- Portrayed by: Shane Cortese
- Duration: 2003–2004
- First appearance: 13 February 2003
- Last appearance: 2 December 2004
- Introduced by: Harriet Crampton

= Dominic Thompson (Shortland Street) =

Fictional character from Shortland Street

Dominic "Dom" Thompson is a fictional character on the New Zealand soap opera Shortland Street who was portrayed by Shane Cortese from 2003 to 2004.

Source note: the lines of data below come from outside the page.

(* Let $\Theta$ be a typed signature. For every $\chi\in\mathcal L_{\mathrm{CL}}(P_\Theta)$: $\chi$ is true at every state of every coherent propositional coalition model over $P_\Theta$ iff $\vdash_{\mathrm{CL}_{\mathrm{Coh},\Theta}}\chi$.
   Context: A typed signature is $\Theta=(\mathrm{Ag},X,\{D_x\}_{x\in X})$ with $\mathrm{Ag}$ a finite non-empty set of agents, $X$ a finite set of variables, each $D_x$ finite non-empty. $P_\Theta=\{p_x^c\mid x\in X,c\in D_x\}$ distinct atoms; $\mathcal L_{\mathrm{CL}}(P_\Theta)$: $\chi::=\top\mid p\mid\neg\chi\mid\chi\wedge\chi'\mid[C]\chi$ ($p\in P_\Theta,C\subseteq\mathrm{Ag}$). A propositional coalition model (explicit one-step game form model) is $(S,\{\Sigma_i\}_{i\in\mathrm{Ag}},o,V)$ with $S\neq\varnothing$, each $\Sigma_i\neq\varnothing$, $o:S\times\Sigma_{\mathrm{Ag}}\to S$ where $\Sigma_C=\prod_{i\in C}\Sigma_i$, and $V:P_\Theta\to\mathcal P(S)$; $p$ true at $s$ iff $s\in V(p)$; $[C]\chi$ true at $s$ iff $\exists\alpha_C\in\Sigma_C\,\forall\beta_{\mathrm{Ag}\setminus C}$: $\chi$ true at $o(s,\alpha_C\sqcup\beta)$. It is coherent if every state satisfies $\bigwedge_{x\in X}\bigl((\bigvee_{c\in D_x}p_x^c)\wedge\bigwedge_{c\neq d}(p_x^c\to\neg p_x^d)\bigr)$. $\mathrm{CL}_{\mathrm{Coh},\Theta}$ is the Hilbert system with: all instances of propositional tautologies; (C1) $[C](\varphi\wedge\psi)\to[C]\varphi$; (C2) $\neg[C]\bot$; (C3) $[C]\top$; (C4) $[C]\varphi\wedge[D]\psi\to[C\cup D](\varphi\wedge\psi)$ for disjoint $C,D$; (C5) $\neg[\varnothing]\neg\varphi\to[\mathrm{Ag}]\varphi$; $\bigvee_{c\in D_x}p_x^c$ for each $x$; $p_x^c\to\neg p_x^d$ for distinct $c,d\in D_x$; rules MP and RE (from $\vdash\varphi\leftrightarrow\psi$ infer $\vdash[C]\varphi\leftrightarrow[C]\psi$). *)

From mathcomp Require Import all_boot.
Set Implicit Arguments.
Unset Printing Implicit Defensive.

Section CL.
Variables (Ag X : finType) (D : X -> finType).
Lemma ex_series_sqrt_coef_at x : Rabs x < 1 -> ex_series (fun n => Rabs (sqrt_coef_at x n)).
Proof.
  intros Hx.
  apply (ex_series_le (K := R_AbsRing) (V := R_CompleteNormedModule) _ (fun n => Rabs x ^ n)).
  - intros n. change (norm (Rabs (sqrt_coef_at x n))) with (Rabs (Rabs (sqrt_coef_at x n))).
    rewrite Rabs_Rabsolu. apply sqrt_coef_at_abs.
  - apply ex_series_geom. rewrite Rabs_Rabsolu. exact Hx.
Qed.

Lemma Series_h_coef_sq : Series h_coef * Series h_coef = 3 - 8 * rho.
Proof.
  pose proof alpha_bounds as Hal. pose proof beta_abs as Hbe.
  assert (Ea : ex_series (fun n => Rabs (sqrt_coef_at alpha n)))
    by (apply ex_series_sqrt_coef_at; rewrite Rabs_right; lra).
  assert (Eb : ex_series (fun n => Rabs (sqrt_coef_at beta n)))
    by (apply ex_series_sqrt_coef_at; lra).
  pose proof (is_series_mult _ _ _ _ (Series_correct _ (ex_series_Rabs _ Ea))
                (Series_correct _ (ex_series_Rabs _ Eb)) Ea Eb) as Hprod.
  assert (Eh : Series h_coef = Series (sqrt_coef_at alpha) * Series (sqrt_coef_at beta))
    by exact (is_series_unique _ _ Hprod).
  rewrite Eh.
  replace (Series (sqrt_coef_at alpha) * Series (sqrt_coef_at beta) *
           (Series (sqrt_coef_at alpha) * Series (sqrt_coef_at beta))) with
    ((Series (sqrt_coef_at alpha) * Series (sqrt_coef_at alpha)) *
     (Series (sqrt_coef_at beta) * Series (sqrt_coef_at beta))) by ring.
  rewrite (Series_sq _ alpha Ea (conv_sqrt_coef_at alpha)), (Series_sq _ beta Eb (conv_sqrt_coef_at beta)).
  unfold alpha, beta. pose proof rho_sq. nra.
Qed.

Definition pf_const : R := Series h_coef / (4 * sqrt PI).

Section Asymptotics.
Variable p : nat -> nat.
Hypothesis hp : forall n, counts_pitchfork_free n (p n).

Lemma lim_pf_count_normalized :
  is_lim_seq (fun n => pow32 n * rho ^ n * INR (p n)) pf_const.
Proof.
  pose proof PI_RGT_0. assert (0 < sqrt PI) by (apply sqrt_lt_R0; lra).
  apply (is_lim_seq_ext (fun n => - / 2 * (pow32 n * conv sqrt_coef h_coef n))).
  - intros n. rewrite <- (sqrt_disc_split p hp n). unfold sqrt_disc_coef.
    destruct n as [|n]; [unfold pow32; simpl; ring|].
    replace (if Nat.eqb (S n) 0 then 1 else 0) with 0 by reflexivity. field.
  - replace pf_const with (- / 2 * (sqrt_coef_const * Series h_coef))
      by (unfold pf_const, sqrt_coef_const; field; lra).
    exact (is_lim_seq_scal_l _ _ _ (transfer h_coef alpha alpha_bounds h_coef_bound)).
Qed.

(* H > 0: it is a limit of nonnegative quantities (times 4 sqrt pi), and
   H ^ 2 = 3 - 8 rho does not vanish. *)
Lemma Series_h_coef_pos : 0 < Series h_coef.
Proof.
  pose proof PI_RGT_0. assert (Hs : 0 < sqrt PI) by (apply sqrt_lt_R0; lra).
  assert (Hnn : 0 <= pf_const).
  { apply (is_lim_seq_le (fun _ => 0) (fun n => pow32 n * rho ^ n * INR (p n)) 0 pf_const);
      [|apply is_lim_seq_const|apply lim_pf_count_normalized].
    intros n. pose proof rho_bounds. apply Rmult_le_pos; [apply Rmult_le_pos|apply pos_INR].
    - apply pow32_nonneg.
    - apply pow_le. lra. }
  assert (0 <= Series h_coef).
  { replace (Series h_coef) with (pf_const * (4 * sqrt PI)) by (unfold pf_const; field; lra).
    apply Rmult_le_pos; lra. }
  pose proof Series_h_coef_sq. pose proof rho_bounds. nra.
Qed.

End Asymptotics.

(* The normalised quantity of the theorem is pf_const divided by
   n^(3/2) rho^n m, once 4 rho - 24 rho^3 is recognised as H ^ 2. *)
Lemma theorem_expr_eq (m : R) n : (1 <= n)%nat -> 0 < Series h_coef ->
  (1/4) * sqrt ((4 * rho - 24 * rho ^ 3) / (PI * INR n ^ 3)) * (1 / rho) ^ n / m
  = pf_const / (pow32 n * rho ^ n * m).
Proof.
  intros Hn HH. pose proof PI_RGT_0. pose proof rho_bounds.
  assert (Hn0 : 0 < INR n) by (apply lt_0_INR; lia).
  assert (Hs : 0 < sqrt (INR n)) by (apply sqrt_lt_R0; lra).
  assert (E : 4 * rho - 24 * rho ^ 3 = Series h_coef * Series h_coef)
    by (rewrite Series_h_coef_sq; pose proof rho_sq; nra).
  rewrite E, sqrt_div_alt, sqrt_square, sqrt_mult_alt by (try apply Rmult_lt_0_compat; try apply pow_lt; lra).
  replace (INR n ^ 3) with (INR n ^ 2 * INR n) by ring.
  rewrite sqrt_mult_alt, sqrt_pow2 by (try apply pow_le; lra).
  replace ((1 / rho) ^ n) with (/ rho ^ n) by (unfold Rdiv; rewrite Rmult_1_l, pow_inv; reflexivity).
  assert (0 < sqrt PI) by (apply sqrt_lt_R0; lra).
  assert (0 < rho ^ n) by (apply pow_lt; lra).
  unfold pf_const, pow32.
  destruct (Req_dec m 0) as [->|Hm].
  - unfold Rdiv. rewrite !Rmult_0_r, Rinv_0. ring.
  - field. repeat split; lra.
Qed.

Dom arrived as the brother of established character Toni Thompson (Laura Hill) in a protagonist role that saw him revealed as the half brother of Chris Warner (Michael Galvin). However the character of Dom soon underwent a major shift following the revelation his relationship with Chris was fake and taking on a more antagonistic characterisation. Central to several key storylines, these included: his marriage to Emily Bredican (Sarah Somerville), affair with 16-year-old Delphi Greenlaw (Anna Hutchison), a rivalry with Chris Warner, murdering Geoff Greenlaw (Andrew Laing), his controversial return on the shows 3000th episode, his murder of Avril Lucich (Kate Louise-Elliott) and a dramatic conclusion episode in December 2004 featuring the character's death.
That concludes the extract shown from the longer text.